11 11 18, la faute à qui ?

Les abrutis qui ont décrété que l’armistice de la Grande Guerre serait sonné à 11 heures le 11 du 11ème mois, plutôt que l’avant-veille au soir par exemple, ont probablement permis à quelques poilus de plus de crever pour rien. Remarquez, 1.500.412 ou 1.500.413 ça ne fait pas lourd de différence, c’est l’épaisseur du trait, comme on dit. Et tant pis pour l’épaisseur du trait.

C’était la faute à Bismark et à la déculottée de 1871, la faute à Sedan, Badinguet, l’Alsace-Lorraine kidnappées, etc. Faut-il commémorer cela ? oui, certes, pour redire que ce fut, le  11 11 18, la fin officielle d’une infâme boucherie plutôt que le constat d’une victoire après 4 ans et plus de massacres et d’Europe tourneboulée.

Certains, hier, ont voulu profiter de ces commémorations pour vilipender, siffler etc… le volontaire désigné qui était venu là, c’était son boulot, pour rappeler ces faits d’Histoire, qui était venu en bagnole, en haut des Champs-Eysées et en costard-cravate, solennel et compassé, nous demander de nous rappeler – de ne pas oublier, en fait. Ils ont eu tort, c’était une faute de goût, qui ne fait absolument pas avancer le débat ; pire, ils étaient hors sujet.

Mais ce dont il faut se souvenir, c’est que les gars d’en face, ceux aux casques pointus, en avaient bavé abondamment, eux aussi, et pour les mêmes raisons ; qu’ils en avaient autant marre que nos poilus, de cette hécatombe, et qu’au total ils ne l’avaient pas tellement perdue que ça, cette guerre.

Ce dont il faut absolument se souvenir, surtout, c’est que les politiciens ne furent absolument pas à la hauteur de leur tâche dans les négociations de paix qui ont suivi ; qu’ils ont commis une connerie majeure en élaborant le Traité de Versailles de 1919 ; que désigner l’Allemagne comme seule responsable des dégâts, lui infliger une telle humiliation et des réparations aussi énormes était d’une grande petitesse, d’un consternant manque de clairvoyance. Monsieur Clémenceau, en particulier, qui pourtant sut imposer un armistice « assez tôt » plutôt que la poursuite d’une victoire totale jusqu’à Berlin (*), par son acharnement à faire payer et agenouiller l’Allemagne, a été l’un des géniteurs, si l’on peut dire, de l’Adolf H. qui prit le pouvoir dans les années 30 à Berlin, etc etc.

Il faut dire que Clémenceau, en 1871, avait 30  ans : il l’avait vécue auparavant, lui, l’humiliation de la défaite  – à Versailles, justement – et, hélas, caramba, il la voulait, sa revanche ; éclatante, la revanche. Il l’a eue ; on connaît la suite…

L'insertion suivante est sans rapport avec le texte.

Definition quotcl (X : cls) : cls := fun M =>
  exists E (e : Hom E M), epi e /\ X E.

Fixpoint powcl (X : cls) (n : nat) : cls :=
  match n with
  | O => is_zero
  | S n' => prodcl (powcl X n') X
  end.

Definition extcl (X : cls) : cls := fun M => exists n, powcl X n M.

Definition ext_closed (X : cls) : Prop := forall M, prodcl X X M <-> X M.

End Defs.


(* Part (a) is the usual restriction of a short exact sequence 0 -> L -> E -> N -> 0 to a
   subobject M of E: the kernel of M -> N is a subobject of L and the image of M -> N is a
   subobject of N; part (b) is its dual.  For part (c), products of classes are associative
   (a 3x3-lemma argument), so (X)_ext is the extension closure of X and
   (ST)_ext = (TS)_ext, which gives (i) <-> (ii).  When T is closed under extensions,
   (iii) makes (S)_ext T stable under right multiplication by ST, hence it contains
   (ST)_ext; conversely TS lies in (TS)_ext = (ST)_ext. *)

Section ZeroMorphisms.
Context {C : Category}.

Lemma zero_mor_unique {A B : C} (f g : Hom A B) :
  zero_mor C f -> zero_mor C g -> f = g.
Proof.
  intros [Z [u [v [HZ ->]]]] [Z' [u' [v' [HZ' ->]]]].
  destruct (HZ Z') as [[w _] _].
  destruct (HZ' A) as [_ [a Ha]].
  destruct (HZ B) as [[b Hb] _].
  rewrite (Ha u'), <- (Ha (comp w u)), (Hb v), <- (Hb (comp v' w)).
  now rewrite comp_assoc.
Qed.

Lemma zero_mor_compl {A B D : C} (f : Hom A B) (h : Hom B D) :
  zero_mor C f -> zero_mor C (comp h f).
Proof.
  intros [Z [u [v [HZ ->]]]]. exists Z, u, (comp h v).
  split; [exact HZ | apply comp_assoc].
Qed.

Lemma zero_mor_compr {D A B : C} (f : Hom A B) (h : Hom D A) :
  zero_mor C f -> zero_mor C (comp f h).
Proof.
  intros [Z [u [v [HZ ->]]]]. exists Z, (comp u h), v.
  split; [exact HZ | symmetry; apply comp_assoc].
Qed.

La grande leçon du 11 11 18 à 11 heures ? c’est qu’il ne faut jamais confier naïvement, aveuglément, son destin à des politiciens, aussi photogéniques soient-ils, et quelle que soit l’élégance de leur moustache.

Tibert

(*) La droite française le surnomma même, en ces circonstances, le « Perd la victoire »… voir Wikipedia et consorts, si ça vous branche.